D. Eaton, A. Hipp, A. Gonzalez-Rodriguez & J. Cavender-Bares¶

contact: deren.eaton@yale.edu¶

In [110]:

%%bash
mkdir -p analysis_treemix/
mkdir -p analysis_structure/

In [2]:

import numpy as np
import gzip
from collections import OrderedDict, Counter

import matplotlib.pyplot as plt
import seaborn as sns
%matplotlib inline

Treemix analysis¶

I run a custom python code below to convert the unlinked snps file from the pyrad output into a Treemix input file. This requires grouping sampled individuals into populations, and calling biallelic SNP frequencies for them. I grouped the four non-Virentes white oaks into the outgroup sample. Each ingroup taxon is its own population, except for Q. fusiformis for which I split up the Texas and Mexico populations, for a total of 9 populations.

In [1]:

## group sample names into taxon names
## again I exclude the South Carolina sample of virginiana, which has less data.

taxa = {
    'virginiana' : ["LALC2","FLSF33","FLBA140"],
    'minima'     : ["FLCK216","FLSA185","FLMO62","FLSF47"],
    'geminata'   : ["FLCK18","FLWO6","FLSF54","FLAB109"],
    'sagraeana'  : ["CUSV6","CUVN10","CUCA4"],
    'oleoides'   : ["MXSA3017","BZBB1","HNDA09","CRL0001","CRL0030"],
    'brandegeei' : ["BJSB3","BJSL25","BJVL19"],
    'fusiformis.m' : ["MXED8","MXGT4"],
    'fusiformis.t' : ["TXMD3","TXGR3"],
    'outgroup'   : ["EN","AR","DO","DU"],
}

## used to require that all populations have data for at least
## one individual in each locus that we use
minhits = [1]*9

In [3]:

## resolve ambiguity characters
def resolve(base):
    D = {'R':['G','A'],
         'K':['G','T'],
         'S':['G','C'],
         'Y':['T','C'],
         'W':['T','A'],
         'M':['C','A'],}
    if base in D:
        return D[base]
    else: 
        return [base,base]

In [4]:

## print groups and minhits 
for i,j in zip(taxa,minhits):
    print "\t   ",i, taxa[i], 'minimum=',j
    
## read in data to sample names
#infile = open("outfiles/c85d6m4p3.unlinked_snps",'r')
infile = open("analysis_pyrad/outfiles/virentes_c85d6m4p5.unlinked_snps",'r')
dat = infile.readlines()
nsamp,nsnps = dat[0].strip().split(" ")
nsamp = int(nsamp)
nsnps = int(nsnps)
NDATA = np.empty([int(nsamp),int(nsnps)],dtype='object')

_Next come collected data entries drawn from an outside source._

(* Determinants of symmetric matrices are controlled by their forms: the
   Schur complement of the top-left entry inherits the bounds of the form,
   which gives [mu ^+ k <= det M <= nu ^+ k] by induction on the size. *)

Section Determinants.
Variable F : realFieldType.

Lemma det_id_addmul m k (A : 'M[F]_(m, k)) (B : 'M[F]_(k, m)) :
  \det (1%:M + A *m B) = \det (1%:M + B *m A).
Proof.
have lower : block_mx 1%:M (- A) B 1%:M =
    block_mx 1%:M 0 B 1%:M *m block_mx 1%:M (- A) 0 (1%:M + B *m A).
  rewrite mulmx_block ?mul1mx ?mul0mx ?mulmx0 ?addr0 ?add0r ?mulmxN ?mulmx1.
  by rewrite addrC addrK.
have upper : block_mx 1%:M (- A) B 1%:M =
    block_mx (1%:M + A *m B) (- A) 0 1%:M *m block_mx 1%:M 0 B 1%:M.
  rewrite mulmx_block ?mul1mx ?mul0mx ?mulmx0 ?mulmx1 ?add0r ?addr0.
  by rewrite mulNmx addrK.
have := congr1 determinant (etrans (esym lower) upper).
rewrite !det_mulmx (det_lblock (1%:M : 'M[F]_m)) (det_ublock (1%:M : 'M[F]_m)).
by rewrite (det_ublock (1%:M + A *m B)) !det1 !mul1r !mulr1.
Qed.

Section SchurStep.
Variables (k : nat) (M : 'M[F]_(1 + k)).
Hypothesis M_sym : M^T = M.

Let a : F := ulsubmx M 0 0.
Let r := ursubmx M.
Let M' := drsubmx M.

Lemma M_block : M = block_mx a%:M r r^T M'.
Proof.
have -> : a%:M = ulsubmx M.
  by apply/matrixP => i j; rewrite !ord1 mxE eqxx mulr1n.
by rewrite /r trmx_ursub M_sym submxK.
Qed.

Definition schur := M' - a^-1 *: (r^T *m r).

Lemma schur_sym : schur^T = schur.
Proof.
by rewrite /schur linearB /= linearZ /= trmx_mul trmxK /M' trmx_drsub M_sym.
Qed.

Lemma det_schur : a != 0 -> \det M = a * \det schur.
Proof.
move=> a_neq0; rewrite {1}M_block.
have -> : block_mx a%:M r r^T M' =
    block_mx 1%:M 0 (a^-1 *: r^T) 1%:M *m block_mx a%:M r 0 schur.
  rewrite mulmx_block ?mul1mx ?mul0mx ?mulmx0 ?addr0 ?add0r.
  by rewrite mul_mx_scalar scalerA divff // scale1r /schur -scalemxAl addrC subrK.
rewrite det_mulmx (det_lblock (1%:M : 'M[F]_1)) (det_ublock (a%:M : 'M[F]_1)).
by rewrite !det1 !mul1r det_scalar1.
Qed.

Let rho (y : 'rV[F]_k) := (r *m y^T) 0 0.

Lemma qf_block s y : qf M (row_mx s%:M y) = a * s ^+ 2 + 2 * s * rho y + qf M' y.
Proof.
rewrite /qf /bf {1}M_block mul_row_block tr_row_mx mul_row_col tr_scalar_mx.
rewrite !mul_scalar_mx mul_mx_scalar !mulmxDl -scalemxAl !mxE eqxx mulr1n.
have -> : \sum_j y 0 j * r^T j 0 = rho y.
  by rewrite /rho mxE; apply: eq_bigr => j _; rewrite !mxE mulrC.
have -> : \sum_j r 0 j * y^T j 0 = rho y by rewrite /rho mxE.
have -> : \sum_j (y *m M') 0 j * y^T j 0 = qf M' y by rewrite /qf /bf mxE.
ring.
Qed.

Lemma nrm_block (s : F) (y : 'rV[F]_k) : nrm (row_mx s%:M y) = s ^+ 2 + nrm y.
Proof.
rewrite /nrm tr_row_mx mul_row_col tr_scalar_mx mul_scalar_mx.
by rewrite [in LHS]mxE !mxE eqxx mulr1n expr2.
Qed.

Lemma qf_schur y : qf schur y = qf M' y - a^-1 * rho y ^+ 2.
Proof.
rewrite /schur qf_add qf_opp qf_scale; congr (_ - _ * _).
rewrite /qf /bf !mulmxA -(mulmxA (y *m r^T)) mxE big_ord1 expr2 /rho.
congr (_ * _); transitivity ((y *m r^T)^T 0 0); first by rewrite [RHS]mxE.
by rewrite trmx_mul trmxK.
Qed.

Lemma schur_bounds mu nu : 0 < mu ->
    (forall x, mu * nrm x <= qf M x) -> (forall x, qf M x <= nu * nrm x) ->
  [/\ mu <= a <= nu, forall y, mu * nrm y <= qf schur y
    & forall y, qf schur y <= nu * nrm y].
Proof.
move=> mu_gt0 lo up.
have rho0 : rho 0 = 0 by rewrite /rho trmx0 mulmx0 mxE.
have a_bounds : mu <= a <= nu.
  have := lo (row_mx 1%:M 0); have := up (row_mx 1%:M 0).
  rewrite qf_block nrm_block rho0 qf0 /nrm mul0mx mxE expr1n.
  by move=> h1 h2; apply/andP; split; lra.
have a_gt0 : 0 < a by case/andP: a_bounds => ha _; lra.
split=> // y; rewrite qf_schur.
- have := lo (row_mx (- rho y / a)%:M y); rewrite qf_block nrm_block.
  have -> : a * (- rho y / a) ^+ 2 + 2 * (- rho y / a) * rho y
    = - (a^-1 * rho y ^+ 2) by field; rewrite gt_eqF.
  have : 0 <= mu * (- rho y / a) ^+ 2 by rewrite mulr_ge0 ?sqr_ge0 ?ltW.
  lra.
- have := up (row_mx 0%:M y); rewrite qf_block nrm_block expr0n /= ?mul0r ?mulr0.
  have : 0 <= a^-1 * rho y ^+ 2 by rewrite mulr_ge0 ?sqr_ge0 ?invr_ge0 ?ltW.
  lra.
Qed.

End SchurStep.

Lemma det_bounds k (M : 'M[F]_k) mu nu : M^T = M -> 0 < mu ->
    (forall x, mu * nrm x <= qf M x) -> (forall x, qf M x <= nu * nrm x) ->
  mu ^+ k <= \det M <= nu ^+ k.
Proof.
elim: k M => [|k IH] M M_sym mu_gt0 lo up; first by rewrite det_mx00 !expr0 lexx.
have [/andP[a_lo a_up] slo sup] := schur_bounds M_sym mu_gt0 lo up.
have /andP[IHlo IHup] := IH _ (schur_sym M_sym) mu_gt0 slo sup.
have mu_k : 0 <= mu ^+ k by rewrite exprn_ge0 ?ltW.
rewrite (det_schur M_sym) ?gt_eqF ?(lt_le_trans mu_gt0) // !exprS.
by apply/andP; split; apply: ler_pM => //; lra.
Qed.

Lemma psd_unit_coercive k (B : 'M[F]_k) : B^T = B ->
    (forall z, 0 <= qf B z) -> B \in unitmx ->
  exists2 e, 0 < e & forall x, e * nrm x <= qf B x.
Proof.
move=> B_sym psd B_unit; have [K K_ge0 HK] := qf_bounded (invmx B).
exists (K + 1)^-1; first by rewrite invr_gt0; lra.
move=> x; set z := x *m invmx B.
have xE : x = z *m B by rewrite /z -mulmxA mulVmx // mulmx1.
have nrmE : nrm x = bf B z x by rewrite /nrm /bf -xE.
have qfE : qf B z = qf (invmx B) x.
  by rewrite /qf /bf -xE /z trmx_mul trmx_inv B_sym mulmxA.
have := bf_CauchySchwarz z x B_sym psd; rewrite -nrmE qfE.
have := psd x; have := nrm_ge0 x; have := HK x.
set N := nrm x; set Q := qf B x; set Q' := qf (invmx B) x.
move=> /(le_trans (ler_norm _)) Q'_le N_ge0 Q_ge0 CS.
have NQ : N ^+ 2 <= K * N * Q by apply: le_trans CS _; apply: ler_wpM2r.
rewrite ler_pdivrMl; last by lra.
have [->|N_neq0] := eqVneq N 0; first by rewrite mulr_ge0 //; lra.
have N_gt0 : 0 < N by rewrite lt_def N_neq0.
have : N <= K * Q by rewrite -(ler_pM2l N_gt0); rewrite expr2 in NQ; lra.
nra.
Qed.

End Determinants.

(* The largest [t <= 0] with
   [qf B >= t * nrm] (a supremum, by completeness of R) must be 0: otherwise
   [B - t] would be positive semidefinite and invertible, hence coercive, and
   [t] could be increased. *)

Lemma eigenvalue_lower_bound k (M : 'M[R]_k) (lam : R) : M^T = M ->
    (forall a, eigenvalue M a -> lam <= a) ->
  forall x, lam * nrm x <= qf M x.
Proof.
move=> M_sym eig_lb; set B := M - lam%:M.
have B_sym : B^T = B by rewrite /B linearB /= tr_scalar_mx M_sym.
suff psd : forall x, 0 <= qf B x.
  by move=> x; have := psd x; rewrite /B qf_shift subr_ge0.
pose E t := t <= 0 /\ forall x, t * nrm x <= qf B x.
have [K K_ge0 HK] := qf_bounded B.
have E_bound : bound E by exists 0%R => t [/RleP].
have E_inhabited : exists t, E t.
  exists (- K); split=> [|y]; first by rewrite oppr_le0.
  by have := HK y; rewrite ler_norml mulNr => /andP[].
have [ts [ts_ub ts_lub]] := completeness E E_bound E_inhabited.
have ts_le0 : ts <= 0 by apply/RleP/ts_lub => t [/RleP].
have ts_lb y : ts * nrm y <= qf B y.
  have [N0|N_neq0] := eqVneq (nrm y) 0.
    by rewrite N0 mulr0 (nrm_eq0 N0) qf0.
  have N_gt0 : 0 < nrm y by rewrite lt_def N_neq0 nrm_ge0.
  rewrite -ler_pdivlMr //; apply/RleP/ts_lub => t [_ Ht].
  by apply/RleP; rewrite ler_pdivlMr.
have [ts_lt0|] := ltP ts 0; last first.
  move=> ts_ge0 y; have := ts_lb y.
  have -> : ts = 0 by apply/eqP; rewrite eq_le ts_le0.
  by rewrite mul0r.
set C := B - ts%:M.
have C_sym : C^T = C by rewrite /C linearB /= tr_scalar_mx B_sym.
have C_psd z : 0 <= qf C z by rewrite /C qf_shift subr_ge0.
have C_unit : C \in unitmx.
  have -> : C = M - (lam + ts)%:M by rewrite /C /B raddfD /= opprD addrA.
  have : ~~ eigenvalue M (lam + ts) by apply/negP => /eig_lb; lra.
  by rewrite /eigenvalue /eigenspace negbK kermx_eq0 row_free_unit.
have [e e_gt0 He] := psd_unit_coercive C_sym C_psd C_unit.
have C_lb y : (ts + e) * nrm y <= qf B y.
  by have := He y; rewrite /C qf_shift mulrDl; lra.
have [e_small|e_large] := leP e (- ts).
  have /ts_ub/RleP : E (ts + e) by split; [lra | exact: C_lb].
  lra.
have /ts_ub/RleP : E 0.
  split=> // y; have := C_lb y; have := nrm_ge0 y; rewrite mul0r; nra.
lra.
Qed.

(* The upper bound, applying the lower bound to [- M]. *)
Lemma eigenvalue_upper_bound k (M : 'M[R]_k) (C : R) : M^T = M ->
    (forall a, eigenvalue M a -> a <= C) ->
  forall x, qf M x <= C * nrm x.
Proof.
move=> M_sym eig_ub x; suff : - C * nrm x <= qf (- M) x by rewrite qf_opp; lra.
apply: eigenvalue_lower_bound => [|a /eigenvalueP[v va v_neq0]].
  by rewrite linearN /= M_sym.
suff : - a <= C by lra.
by apply: eig_ub; apply/eigenvalueP; exists v; rewrite // scaleNr -va mulmxN opprK.
Qed.

Lemma Pproj_sym n p (X : 'M[R]_(n, p)) g : (Pproj X g)^T = Pproj X g.
Proof. by rewrite /Pproj !trmx_mul trmxK trmx_inv trmx_mul trmxK !mulmxA. Qed.

Lemma Mres_sym n p (X : 'M[R]_(n, p)) g g0 : (Mres X g g0)^T = Mres X g g0.
Proof.
by rewrite /Mres linearZ /= !trmx_mul trmxK linearB /= trmx1 Pproj_sym !mulmxA.
Qed.

Lemma Mgram_sym n p (X : 'M[R]_(n, p)) g g0 : (Mgram X g g0)^T = Mgram X g g0.
Proof. by rewrite /Mgram linearZ /= trmx_mul trmxK. Qed.

(* A normalised Gram-type matrix [n^-1 B^T A B] has the form of [A] at
   [y B^T], up to the factor [n] (both sides vanish when [n = 0]). *)
Lemma qf_normalized n k (A : 'M[R]_n) (B : 'M[R]_(n, k)) y :
  qf A (y *m B^T) = n%:R * qf ((n%:R)^-1 *: (B^T *m A *m B)) y.
Proof.
have [n0|n_gt0] := posnP n.
  have -> : (n%:R : R) = 0 by rewrite n0.
  rewrite mul0r /qf /bf mxE big1 // => i _.
  by have := leq_trans (ltn_ord i) (eq_leq n0).
rewrite qf_scale mulrA mulfV ?mul1r ?pnatr_eq0 -?lt0n //.
by rewrite -qf_conj trmxK.
Qed.

Section Model.
Variables (n p : nat) (X : 'M[R]_(n, p)) (c : 'I_p -> R) (phil phiu : R).
Hypothesis phil_gt0 : 0 < phil.
Hypothesis c_bounds : forall j, phil <= c j <= phiu.

Lemma c_gt0 j : 0 < c j.
Proof. by case/andP: (c_bounds j) => /(lt_le_trans phil_gt0). Qed.

Definition XSX (g : {set 'I_p}) : 'M[R]_n := Xsub X g *m Sig c g *m (Xsub X g)^T.
Definition Fmat (g : {set 'I_p}) : 'M[R]_n := 1%:M + XSX g.

(* [X_g Sigma_g X_g^T] as a sum of rank-one terms, hence additive in [g]. *)
Lemma XSX_sum g : XSX g = \sum_(j in g) c j *: (col j X *m (col j X)^T).
Proof.
apply/matrixP => i i'; rewrite /XSX /Sig mul_mx_diag summxE mxE.
rewrite (big_enum_val (fun j => (c j *: (col j X *m (col j X)^T)) i i')) /=.
by apply: eq_bigr => k _; rewrite !mxE big_ord1 !mxE; ring.
Qed.

Lemma XSX_split g A : XSX g = XSX (g :&: A) + XSX (g :\: A).
Proof. by rewrite !XSX_sum (big_setID A). Qed.

Lemma Sig_sym g : (Sig c g)^T = Sig c g. Proof. exact: tr_diag_mx. Qed.
Lemma Sig_half_sym g : (Sig_half c g)^T = Sig_half c g. Proof. exact: tr_diag_mx. Qed.

Lemma Sig_half_sqr g : Sig_half c g *m Sig_half c g = Sig c g.
Proof.
rewrite /Sig_half /Sig mulmx_diag; congr diag_mx; apply/matrixP => i j.
by rewrite !mxE; apply/sqrt_sqrt/RleP/ltW/c_gt0.
Qed.

Lemma Sig_unit g : Sig c g \in unitmx.
Proof.
rewrite unitmxE unitfE /Sig det_diag; apply: lt0r_neq0.
by apply: prodr_gt0 => i _; rewrite mxE c_gt0.
Qed.

Lemma XSX_sym g : (XSX g)^T = XSX g.
Proof. by rewrite /XSX !trmx_mul trmxK Sig_sym mulmxA. Qed.

Lemma Fmat_sym g : (Fmat g)^T = Fmat g.
Proof. by rewrite /Fmat linearD /= trmx1 XSX_sym. Qed.

Lemma qf_Sig g w : phil * nrm w <= qf (Sig c g) w <= phiu * nrm w.
Proof.
rewrite /Sig qf_diag nrmE !mulr_sumr.
apply/andP; split; apply: ler_sum => i _; rewrite mxE;
  by case/andP: (c_bounds (enum_val i)) => lo up; rewrite ler_wpM2r ?sqr_ge0.
Qed.

Lemma qf_XSX_ge0 g v : 0 <= qf (XSX g) v.
Proof.
rewrite /XSX qf_conj; case/andP: (qf_Sig (v *m Xsub X g)) => + _.
by apply: le_trans; rewrite mulr_ge0 ?nrm_ge0 ?ltW.
Qed.

Lemma Fmat_lb g v : nrm v <= qf (Fmat g) v.
Proof. by rewrite /Fmat qf_add qf1 lerDl qf_XSX_ge0. Qed.

(* [F_g >= I], so [det F_g >= 1]; in particular [F_g] is invertible. *)
Lemma Fmat_det_ge1 g : 1 <= \det (Fmat g).
Proof.
have [K _ HK] := qf_bounded (Fmat g).
have lo v : 1 * nrm v <= qf (Fmat g) v by rewrite mul1r Fmat_lb.
have /andP[] := det_bounds (Fmat_sym g) ltr01 lo (fun v => le_trans (ler_norm _) (HK v)).
by rewrite expr1n.
Qed.

Lemma Fmat_det_neq0 g : \det (Fmat g) != 0.
Proof. by apply: contraTneq (Fmat_det_ge1 g) => ->; rewrite ler10. Qed.

Lemma Fmat_unit g : Fmat g \in unitmx.
Proof. by rewrite unitmxE unitfE Fmat_det_neq0. Qed.

(* [det W_g = det (Sigma_g U_g) = det F_g] by Sylvester's identity. *)
Lemma det_Wmat g : \det (Wmat X c g) = \det (Fmat g).
Proof.
have -> : \det (Wmat X c g) = \det (Sig c g *m Umat X c g).
  by rewrite /Wmat !det_mulmx -Sig_half_sqr det_mulmx; ring.
by rewrite /Umat mulmxDr mulmxV ?Sig_unit // mulmxA det_id_addmul /Fmat /XSX mulmxA.
Qed.

Lemma invF_sym g : (invmx (Fmat g))^T = invmx (Fmat g).
Proof. by rewrite trmx_inv Fmat_sym. Qed.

## read SNP matrix into a numpy.array
for line in range(len(dat[1:])):
    a,b = dat[1:][line].split()
    NDATA[line] = list(b)
sites = np.transpose(NDATA)

## unpack ambiguity bases and find two most common alleles
## at every SNP site, save to a list
alleles = []
for site in sites:
    ds = []
    for s in site:
        if s in list("RKSYWM"):
            ds.append(resolve(s)[0])
            ds.append(resolve(s)[1])
        else:
            ds.append(s)
            ds.append(s)
    snp = [s for s in ds if s not in ["N",'-']]
    a = Counter(snp).most_common(3)
    alleles.append([a[0][0],a[1][0]])

## create a dictionary mapping sample names to SNPs    
SNPS = OrderedDict()
for line in dat[1:]:
    a,b = line.split()
    SNPS[a] = b

## create a dictionary with empty lists for each taxon 
FREQ = OrderedDict()
for tax in taxa:
    FREQ[tax] = []

## fill the FREQ dictionary with SNPs for all 
## samples in that taxon
keeps = []
for snp in range(int(nsnps)):
    GG = []
    for tax,mins in zip(taxa,minhits):
        GG.append( sum([SNPS[i][snp] not in ["N","-"] for i in taxa[tax]]) >= int(mins))
    if all(GG):
        keeps.append(snp)

for keep in keeps:
    for tax in FREQ:
        bunch = []
        for i in taxa[tax]:
            #print tax, i, SNPS[i][keep]
            bunch.append(resolve(SNPS[i][keep])[0])
            bunch.append(resolve(SNPS[i][keep])[1])
        FREQ[tax].append("".join(bunch))

## output files
outfile = gzip.open("analysis_treemix/treemix_SNPs.gz",'w')

## print header
print >>outfile, " ".join(FREQ.keys())

## print data
for i,j in enumerate(keeps):
    a1 = alleles[j][0]
    a2 = alleles[j][1]
    H = [str(FREQ[tax][i].count(a1))+","+str(FREQ[tax][i].count(a2)) for tax in FREQ]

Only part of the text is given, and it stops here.